This optimization is automatic. The optimizer detects EXPAND chains and propagates sip_sel bitmaps into the graph operation's extended node. During execution, the EXPAND opcode checks each source node against the SIP bitmap and skips it entirely if no neighbors can pass the downstream filter.
/* Without SIP: expand all 1M source nodes, then filter */
/* With SIP: skip source nodes that can't produce passing results */
ray_op_t* nbrs = ray_expand(g, src_nodes, rel, 0);
ray_op_t* pred = ray_lt(g, nbrs, ray_const_i64(g, 1000));
ray_op_t* result = ray_filter(g, nbrs, pred);
/* Optimizer automatically injects SIP bitmap on the EXPAND node */
Factorized Execution
Multi-hop graph expansions can produce enormous intermediate results (the cross-product of all paths). Rayforce avoids materializing these cross-products using factorized vectors (ray_fvec_t) and factorized tables (ray_ftable_t).
/* Factorized vector: represents a column without materializing all rows */
typedef struct ray_fvec {
ray_t* vec; /* underlying ray_t vector */
int64_t cur_idx; /* >= 0: single value at index */
/* -1: full vector active */
int64_t cardinality; /* how many rows this represents */
} ray_fvec_t;
/* Factorized table: accumulation buffer for WCO joins */
typedef struct ray_ftable {
ray_fvec_t* columns; /* array of factorized vectors */
uint16_t n_cols;
int64_t n_tuples; /* factorized tuple count */
ray_t* semijoin; /* RAY_SEL bitmap of qualifying keys */
} ray_ftable_t;
When factorized = 1 is set on a graph op's extended node, the executor emits factorized output instead of flat vectors.

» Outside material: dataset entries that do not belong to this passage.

Definition is_module_completion (Aset : cseq -> Prop) (Anorm : cseq -> R)
    (X : NormedSpace) (act : cseq -> X -> X)
    (Y : NormedSpace) (actY : cseq -> Y -> Y) (j : X -> Y) : Prop :=
  is_complete Y /\
  is_module Aset Anorm Y actY /\
  (forall x y, j (vadd x y) = vadd (j x) (j y)) /\
  (forall c x, j (vscal c x) = vscal c (j x)) /\
  (forall x, vnorm (j x) = vnorm x) /\
  (forall y : Y, in_closure (fun z => exists x, z = j x) y) /\
  (forall a x, Aset a -> j (act a x) = actY a (j x)).

(* Let Q_N x = x - P_N x ([tail_part]), where P_N ([indic_lt N]) is the indicator of
   {0, ..., N-1}. Homogeneity gives ||Q_N x|| <= ||x||, and ||Q_N x|| -> 0 because,
   by essentiality, x is a limit of elements whose coordinates vanish eventually;
   both facts pass to the completion by density. Choosing 0 = N_0 < N_1 < N_2 < ...
   with ||Q_(N_k) x|| < 2^-k, the series sum_k Q_(N_k) x converges, and its n-th
   coordinate is lambda_n x_n with lambda_n = #{k : N_k <= n}, which is >= 1 and
   tends to infinity. *)

From Stdlib Require Import Reals Lra Lia FunctionalExtensionality ClassicalEpsilon.
Open Scope R_scope.

Ltac cx_ring := unfold C0, C1, RtoC, Cadd, Cmul, Copp; simpl; f_equal; ring.

Lemma Cabs_C0 : Cabs C0 = 0.
Proof. unfold Cabs, C0; simpl. rewrite Rmult_0_l, Rplus_0_l; apply sqrt_0. Qed.

Lemma Cabs_Copp_C1 : Cabs (Copp C1) = 1.
Proof.
  unfold Cabs, Copp, C1; simpl.
  replace (- (1) * - (1) + - 0 * - 0) with 1 by ring; apply sqrt_1.
Qed.

Lemma Cabs_nonneg c : 0 <= Cabs c.
Proof. apply sqrt_pos. Qed.

Section NormedSpaceFacts.
Variable Z : NormedSpace.
Implicit Types x y z w : Z.

Lemma vadd_0_r x : vadd x vzero = x.
Proof. rewrite vadd_comm; apply vadd_0. Qed.

Lemma vscal_C0 x : vscal C0 x = vzero.
Proof.
  assert (Hdup : vscal C0 x = vadd (vscal C0 x) (vscal C0 x)).
  { rewrite <- vscal_addl; f_equal; cx_ring. }
  set (s := vscal C0 x) in *.
  transitivity (vadd s (vadd s (vopp s))).
  { rewrite vadd_opp, vadd_0_r; reflexivity. }
  rewrite vadd_assoc, <- Hdup; apply vadd_opp.
Qed.

Lemma vopp_unique x y : vadd x y = vzero -> y = vopp x.
Proof.
  intros H. rewrite <- (vadd_0 _ (vopp x)), <- H.
  rewrite (vadd_comm _ x y), <- vadd_assoc, vadd_opp, vadd_0_r. reflexivity.
Qed.

Lemma vopp_scal x : vopp x = vscal (Copp C1) x.
Proof.
  symmetry; apply vopp_unique.
  rewrite <- (vscal_1 _ x) at 1. rewrite <- vscal_addl.
  replace (Cadd C1 (Copp C1)) with C0 by cx_ring. apply vscal_C0.
Qed.

Lemma vnorm_0 : vnorm (@vzero Z) = 0.
Proof. rewrite <- (vscal_C0 vzero), vnorm_scal, Cabs_C0; ring. Qed.

Lemma vscal_0_r c : vscal c (@vzero Z) = vzero.
Proof. apply vnorm_eq0. rewrite vnorm_scal, vnorm_0; ring. Qed.

Lemma vnorm_opp x : vnorm (vopp x) = vnorm x.
Proof. rewrite vopp_scal, vnorm_scal, Cabs_Copp_C1; ring. Qed.

Lemma vnorm_nonneg x : 0 <= vnorm x.
Proof.
  pose proof (vnorm_triangle _ x (vopp x)) as H.
  rewrite vadd_opp, vnorm_0, vnorm_opp in H. lra.
Qed.

Lemma vopp_involutive x : vopp (vopp x) = x.
Proof. symmetry; apply vopp_unique. rewrite vadd_comm; apply vadd_opp. Qed.

Lemma vopp_vadd x y : vopp (vadd x y) = vadd (vopp x) (vopp y).
Proof. rewrite !vopp_scal, vscal_addr; reflexivity. Qed.

Lemma vadd_vadd_swap x y z w : vadd (vadd x y) (vadd z w) = vadd (vadd x z) (vadd y w).
Proof.
  rewrite <- !vadd_assoc. f_equal.
  rewrite !vadd_assoc. f_equal. apply vadd_comm.
Qed.

Lemma vsub_diag x : vsub x x = vzero.
Proof. apply vadd_opp. Qed.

The factorized representation keeps each expansion level as a separate vector with a cardinality multiplier, deferring materialization until the final result is needed (via ray_ftable_materialize).
Algorithm Summary
| Category | Opcode | Algorithm | Complexity |
|---|---|---|---|
| Traversal | OP_EXPAND | 1-hop CSR lookup | O(d) |
| Traversal | OP_VAR_EXPAND | BFS/DFS variable-length | O(V+E) |
| Traversal | OP_DFS | Depth-first search | O(V+E) |
| Traversal | OP_RANDOM_WALK | Random walk | O(L) |
| Shortest path | OP_SHORTEST_PATH | BFS | O(V+E) |
| Shortest path | OP_DIJKSTRA | Dijkstra (binary heap) | O((V+E) log V) |
| Shortest path | OP_ASTAR | A* with Haversine | O((V+E) log V) |
| Shortest path | OP_K_SHORTEST | Yen's algorithm | O(kV(V+E) log V) |
| Centrality | OP_PAGERANK | Iterative PageRank | O(I(V+E)) |
| Centrality | OP_DEGREE_CENT | Degree centrality | O(V) |
| Centrality | OP_BETWEENNESS | Brandes | O(VE) |
| Centrality | OP_CLOSENESS | Closeness centrality | O(VE) |
| Community | OP_LOUVAIN | Louvain modularity | O(V+E) |
| Community | OP_CONNECTED_COMP | Label propagation | O(V+E) |
| Community | OP_CLUSTER_COEFF | Local clustering | O(V*d^2) |
| Optimal join | OP_WCO_JOIN | Leapfrog TrieJoin | O(E^{3/2}) |
| Spanning | OP_MST | Kruskal | O(E log E) |
| Similarity | OP_COSINE_SIM | Cosine similarity | O(ND) |
| Similarity | OP_EUCLIDEAN_DIST | L2 distance | O(ND) |
| Similarity | OP_KNN | Brute-force KNN | O(ND + N log K) |
| Similarity | OP_HNSW_KNN | HNSW approximate KNN | O(D log N) |
| Ordering | OP_TOPSORT | Kahn's topological sort | O(V+E) |